[DATA TO USE — start]

(* Let $\alpha,\beta$ be real numbers with $\beta\le\alpha<1$ and $\alpha>0$. Then the $\beta$-Ces\`aro operator $C_\beta$ maps $\mathcal{B}_\alpha^0$ into $\mathcal{B}_\alpha^0$ and is a bounded linear operator from $(\mathcal{B}_\alpha^0,\|\cdot\|_{\mathcal{B}_\alpha})$ to itself.
   Context: $\mathbb{D}=\{z\in\mathbb{C}:|z|<1\}$. For $\alpha>0$, the $\alpha$-Bloch space $\mathcal{B}_\alpha$ is the space of analytic functions $f$ on $\mathbb{D}$ with $\|f\|_{\mathcal{B}_\alpha}:=\sup_{z\in\mathbb{D}}(1-|z|^2)^\alpha|f'(z)|<\infty$. $\mathcal{B}_\alpha^0=\{f\in\mathcal{B}_\alpha: f(0)=0\}$, normed by $\|\cdot\|_{\mathcal{B}_\alpha}$. For $\beta\in\mathbb{R}$, the $\beta$-Ces\`aro operator is $C_\beta(f)(z)=\int_0^z \frac{f(w)}{w(1-w)^\beta}\,dw$ for analytic $f$ on $\mathbb{D}$ with $f(0)=0$, where $(1-w)^{\beta}$ is defined by the principal branch. *)

From Stdlib Require Import Reals ClassicalEpsilon.
From Coquelicot Require Import Coquelicot.
Open Scope R_scope.

Definition in_disc (z : C) : Prop := Cmod z < 1.

Definition analytic_on_disc (f : C -> C) : Prop :=
  forall z : C, in_disc z -> ex_derive f z.

(* The complex derivative f'(z) (meaningful where f is differentiable). *)
Definition Cderiv (f : C -> C) (z : C) : C :=
  epsilon (inhabits (0%R, 0%R) : inhabited C) (fun l : C => is_derive f z l).

(* Principal argument, with values in (-PI, PI]; Arg 0 = 0. *)
Definition Arg (z : C) : R :=
  let x := fst z in let y := snd z in
  if Rlt_dec 0 x then atan (y / x)
  else if Rlt_dec x 0 then
    (if Rle_dec 0 y then atan (y / x) + PI else atan (y / x) - PI)
  else if Rlt_dec 0 y then PI / 2
  else if Rlt_dec y 0 then - (PI / 2)
  else 0.

(* Principal branch of z^b = exp (b * Log z), Log z = ln|z| + i Arg z,
   for z <> 0 (z^b := 0 at z = 0; never used below since 1 - w <> 0 on D). *)
Definition cpow (z : C) (b : R) : C :=
  if Req_EM_T (Cmod z) 0 then (0%R, 0%R)
  else (Rpower (Cmod z) b * cos (b * Arg z), Rpower (Cmod z) b * sin (b * Arg z)).

Definition CRInt (g : R -> C) (a b : R) : C :=
  (RInt (fun t => fst (g t)) a b, RInt (fun t => snd (g t)) a b).

Definition seg_integral (h : C -> C) (z : C) : C :=
  CRInt (fun t => (h (RtoC t * z) * z)%C) 0 1.

Definition cesaro (beta : R) (f : C -> C) (z : C) : C :=
  seg_integral (fun w => (f w / (w * cpow (1 - w) beta))%C) z.

Definition bloch_weight (alpha : R) (f : C -> C) (z : C) : R :=
  Rpower (1 - Cmod z ^ 2) alpha * Cmod (Cderiv f z).

Definition in_bloch (alpha : R) (f : C -> C) : Prop :=
  analytic_on_disc f /\
  exists M : R, forall z : C, in_disc z -> bloch_weight alpha f z <= M.

Definition in_bloch0 (alpha : R) (f : C -> C) : Prop :=
  in_bloch alpha f /\ f (0%R, 0%R) = (0%R, 0%R).

Definition bloch_norm (alpha : R) (f : C -> C) : R :=
  real (Lub_Rbar (fun x : R => exists z : C, in_disc z /\ x = bloch_weight alpha f z)).

(* [C_beta f] is the primitive vanishing at [0] of [q w = f w / (w (1 - w)^beta)],
   which is holomorphic on the punctured disc and, since [f 0 = 0], continuous at [0].
   Goursat's lemma on triangles with a vertex at [0] (after cutting off a small
   corner there) shows that the integral of [q] along rays from [0] is a primitive,
   so [(C_beta f)' = q].  Integrating the Bloch bound
   [|f'(w)| <= ||f|| (1 - |w|^2)^-alpha] along the ray gives
   [|f z| <= ||f|| |z| / (1 - alpha)], hence
   [(1 - |z|^2)^alpha |q z| <= ||f|| / (1 - alpha) * (1 - |z|^2)^alpha / |1 - z|^beta],
   and the last factor is bounded on the disc because [beta <= alpha]. *)

From Stdlib Require Import Reals Lra Lia Psatz Arith ClassicalEpsilon.
From Coquelicot Require Import Coquelicot.
Open Scope R_scope.

(** * Complex differentiability *)

Definition Cdiff (f : C -> C) (x l : C) : Prop :=
  forall eps : R, 0 < eps -> exists delta : R, 0 < delta /\
    forall y : C, Cmod (y - x) < delta ->
      Cmod (f y - f x - l * (y - x)) <= eps * Cmod (y - x).

Definition Ccont (f : C -> C) (x : C) : Prop :=
  forall eps : R, 0 < eps -> exists delta : R, 0 < delta /\
    forall y : C, Cmod (y - x) < delta -> Cmod (f y - f x) < eps.

Lemma Cdiff_is_derive (f : C -> C) (x l : C) : Cdiff f x l <-> is_derive f x l.
Proof.
  split.
  - intros H. split; [apply is_linear_scal_l|].
    intros x' Hx' eps.
    pose proof (@is_filter_lim_locally_unique _ (AbsRing_NormedModule C_AbsRing) x x' Hx') as <-.
    destruct (H eps (cond_pos eps)) as [d [Hd H1]].
    exists (mkposreal d Hd). intros y Hy.
    change (Cmod (f y - f x - (y - x) * l) <= eps * Cmod (y - x)).
    rewrite (Cmult_comm (y - x) l). exact (H1 y Hy).
  - intros [_ H] eps Heps.
    destruct (H x (fun P HP => HP) (mkposreal eps Heps)) as [d Hd].
    exists d. split; [apply cond_pos|]. intros y Hy.
    specialize (Hd y Hy).
    change (Cmod (f y - f x - (y - x) * l) <= eps * Cmod (y - x)) in Hd.
    rewrite (Cmult_comm l (y - x)). exact Hd.
Qed.

(* Coquelicot's product and chain rules are stated for [C] as a normed module
   over itself, a structure distinct from (though equivalent to) [C_NormedModule]. *)
Lemma is_derive_C_ring (f : C -> C) (x l : C) :
  is_derive f x l <-> @is_derive C_AbsRing (AbsRing_NormedModule C_AbsRing) f x l.
Proof.
  split; intros [_ H]; split; try apply is_linear_scal_l; exact H.
Qed.

Lemma Cdiff_mult f g x a b :
  Cdiff f x a -> Cdiff g x b -> Cdiff (fun w => f w * g w)%C x (a * g x + f x * b)%C.
Proof.
  rewrite !Cdiff_is_derive, !is_derive_C_ring. intros Ha Hb.
  exact (is_derive_mult f g x a b Ha Hb Cmult_comm).
Qed.

Lemma Cdiff_comp f g x a b :
  Cdiff f (g x) a -> Cdiff g x b -> Cdiff (fun w => f (g w)) x (b * a)%C.
Proof.
  rewrite !Cdiff_is_derive. intros Ha Hb. apply is_derive_C_ring in Hb.
  exact (is_derive_comp f g x a b Ha Hb).
Qed.

Lemma Cdiff_exact f x l : (forall y, (f y - f x)%C = (l * (y - x))%C) -> Cdiff f x l.
Proof.
  intros E eps He. exists 1. split; [lra|]. intros y _.
  rewrite E. replace (l * (y - x) - l * (y - x))%C with (RtoC 0) by ring.
  rewrite Cmod_0. pose proof (Cmod_ge_0 (y - x)). nra.
Qed.

Lemma Cdiff_scal c f x l : Cdiff f x l -> Cdiff (fun w => c * f w)%C x (c * l)%C.
Proof.
  intros H.
  assert (Hc : Cdiff (fun _ => c) x 0%C) by (apply Cdiff_exact; intros y; ring).
  pose proof (Cdiff_mult _ _ x _ _ Hc H) as Hm. cbv beta in Hm.
  replace (c * l)%C with (0 * f x + c * l)%C by ring. exact Hm.
Qed.

Lemma Cdiff_ext_loc f g x l :
  (exists r, 0 < r /\ forall y, Cmod (y - x) < r -> f y = g y) -> Cdiff f x l -> Cdiff g x l.
Proof.
  intros [r [Hr E]] H eps He. destruct (H eps He) as [d [Hd H1]].
  exists (Rmin d r). split; [apply Rmin_pos; auto|]. intros y Hy.
  assert (Ex : f x = g x).
  { apply E. replace (x - x)%C with (RtoC 0) by ring. rewrite Cmod_0. exact Hr. }
  rewrite <- Ex, <- E by (eapply Rlt_le_trans; [exact Hy | apply Rmin_r]).
  apply H1. eapply Rlt_le_trans; [exact Hy | apply Rmin_l].
Qed.

Lemma Cmod_sub_ge (a b : C) : Cmod a - Cmod b <= Cmod (a - b).
Proof.
  pose proof (Cmod_triangle (a - b) b) as H. replace (a - b + b)%C with a in H by ring. lra.
Qed.

Lemma Cmod_sub_sym (a b : C) : Cmod (a - b) = Cmod (b - a).
Proof. replace (a - b)%C with (- (b - a))%C by ring. apply Cmod_opp. Qed.

Lemma Cmult_neq_0 (a b : C) : a <> 0%C -> b <> 0%C -> (a * b)%C <> 0%C.
Proof.
  intros Ha Hb E. apply Cmod_gt_0 in Ha. apply Cmod_gt_0 in Hb.
  pose proof (Cmod_mult a b) as H. rewrite E, Cmod_0 in H. nra.
Qed.

Lemma Cdiff_inv (w : C) : w <> 0%C -> Cdiff Cinv w (- / (w * w))%C.
Proof.
  intros Hw eps He.
  assert (Hm : 0 < Cmod w) by (apply Cmod_gt_0; auto).
  exists (Rmin (Cmod w / 2) (eps * Cmod w ^ 3 / 2)). split.
  { apply Rmin_pos; [lra|]. pose proof (pow_lt _ 3 Hm). nra. }
  intros y Hy.
  assert (Hy1 : Cmod (y - w) < Cmod w / 2) by (eapply Rlt_le_trans; [exact Hy | apply Rmin_l]).
  assert (Hy2 : Cmod (y - w) < eps * Cmod w ^ 3 / 2)
    by (eapply Rlt_le_trans; [exact Hy | apply Rmin_r]).
  assert (Hyw : Cmod w / 2 <= Cmod y)
    by (pose proof (Cmod_sub_ge w y) as H; rewrite (Cmod_sub_sym w y) in H; lra).
  assert (Hy0 : y <> 0%C) by (intros ->; rewrite Cmod_0 in Hyw; lra).
  replace (/ y - / w - - / (w * w) * (y - w))%C with ((y - w) * (y - w) * / (y * (w * w)))%C
    by (field; split; auto).
  rewrite !Cmod_mult, Cmod_inv, !Cmod_mult by (repeat apply Cmult_neq_0; auto).
  set (d := Cmod (y - w)) in *. set (m := Cmod w) in *.
  assert (0 <= d) by apply Cmod_ge_0.
  (* [|y w^2| >= m^3 / 2] and [d <= eps m^3 / 2] *)
  apply Rle_trans with (d * d * / (m / 2 * (m * m))).
  { apply Rmult_le_compat_l; [nra|]. apply Rinv_le_contravar; [nra|].
    apply Rmult_le_compat_r; nra. }
  replace (d * d * / (m / 2 * (m * m))) with (d * (2 * d / m ^ 3)) by (field; lra).
  rewrite Rmult_comm. apply Rmult_le_compat_r; [lra|].
  apply Rmult_le_reg_r with (m ^ 3); [apply pow_lt; auto|].
  replace (2 * d / m ^ 3 * m ^ 3) with (2 * d) by (field; lra). lra.
Qed.
Definition open_tri (q x y : pt) : set pt := [set p |
  [/\ 0 < bary1 q x y p, 0 < bary2 q x y p & bary1 q x y p + bary2 q x y p < 1]].
Definition closed_tri (q x y : pt) : set pt := [set p |
  [/\ 0 <= bary1 q x y p, 0 <= bary2 q x y p & bary1 q x y p + bary2 q x y p <= 1]].
Definition halfopen_tri (q x y : pt) : set pt := [set p |
  [/\ 0 <= bary1 q x y p, 0 <= bary2 q x y p & bary1 q x y p + bary2 q x y p < 1]].

Lemma open_halfopen_tri q x y : open_tri q x y `<=` halfopen_tri q x y.
Proof. by move=> p [/ltW ? /ltW ? ?]. Qed.

Lemma halfopen_closed_tri q x y : halfopen_tri q x y `<=` closed_tri q x y.
Proof. by move=> p [? ? /ltW ?]. Qed.

Lemma open_closed_tri q x y : open_tri q x y `<=` closed_tri q x y.
Proof. by move=> p /open_halfopen_tri /halfopen_closed_tri. Qed.

Lemma continuous_affine (c1 c2 c0 : R) :
  continuous (fun p : pt => c1 * p.1 + c2 * p.2 + c0).
Proof.
move=> p; apply: cvgD; last exact: cvg_cst.
by apply: cvgD; apply: cvgMr; [exact: cvg_fst|exact: cvg_snd].
Qed.

Lemma continuous_bary1 q x y : continuous (bary1 q x y).
Proof.
set o := orient q x y.
have -> : bary1 q x y = fun p => (y.2 - q.2) / o * p.1 + (q.1 - y.1) / o * p.2
    + (q.2 * (y.1 - q.1) - q.1 * (y.2 - q.2)) / o.
  by apply: funext => p; rewrite /bary1 /cross -/o /=; ring.
exact: continuous_affine.
Qed.

Lemma continuous_bary2 q x y : continuous (bary2 q x y).
Proof.
set o := orient q x y.
have -> : bary2 q x y = fun p => (q.2 - x.2) / o * p.1 + (x.1 - q.1) / o * p.2
    + (q.1 * (x.2 - q.2) - q.2 * (x.1 - q.1)) / o.
  by apply: funext => p; rewrite /bary2 /cross -/o /=; ring.
exact: continuous_affine.
Qed.

Lemma open_gt0 (f : pt -> R) : continuous f -> open [set p | 0 < f p].
Proof. by move=> cf; apply: (@open_comp _ _ f [set r | 0 < r]) => [p _|]; [exact: cf|exact: open_gt]. Qed.

Lemma closed_ge0 (f : pt -> R) : continuous f -> closed [set p | 0 <= f p].
Proof. by move=> cf; apply: (@preimage_closed _ _ f [set r | 0 <= r]) => [p _|]; [exact: cf|exact: closed_ge]. Qed.

Lemma continuous_bary0 q x y : continuous (fun p => 1 - bary1 q x y p - bary2 q x y p).
Proof.
move=> p; apply: cvgB; last exact: continuous_bary2.
by apply: cvgB; [exact: cvg_cst|exact: continuous_bary1].
Qed.

Lemma open_open_tri q x y : open (open_tri q x y).
Proof.
have -> : open_tri q x y = [set p | 0 < bary1 q x y p] `&` [set p | 0 < bary2 q x y p]
    `&` [set p | 0 < 1 - bary1 q x y p - bary2 q x y p].
  by apply/seteqP; split => p /=; [case=> *|case=> -[*]]; do ?split => //; lra.
apply: openI; [apply: openI|]; apply: open_gt0;
  [exact: continuous_bary1|exact: continuous_bary2|exact: continuous_bary0].
Qed.

Lemma closed_closed_tri q x y : closed (closed_tri q x y).
Proof.
have -> : closed_tri q x y = [set p | 0 <= bary1 q x y p] `&` [set p | 0 <= bary2 q x y p]
    `&` [set p | 0 <= 1 - bary1 q x y p - bary2 q x y p].
  by apply/seteqP; split => p /=; [case=> *|case=> -[*]]; do ?split => //; lra.
apply: closedI; [apply: closedI|]; apply: closed_ge0;
  [exact: continuous_bary1|exact: continuous_bary2|exact: continuous_bary0].
Qed.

[DATA TO USE — finish]

» **TASK**: Report the number of lines in the material above that include the string "auto". Nothing else belongs in the answer.

» **RESPONSE TO THIS EXERCISE**: 5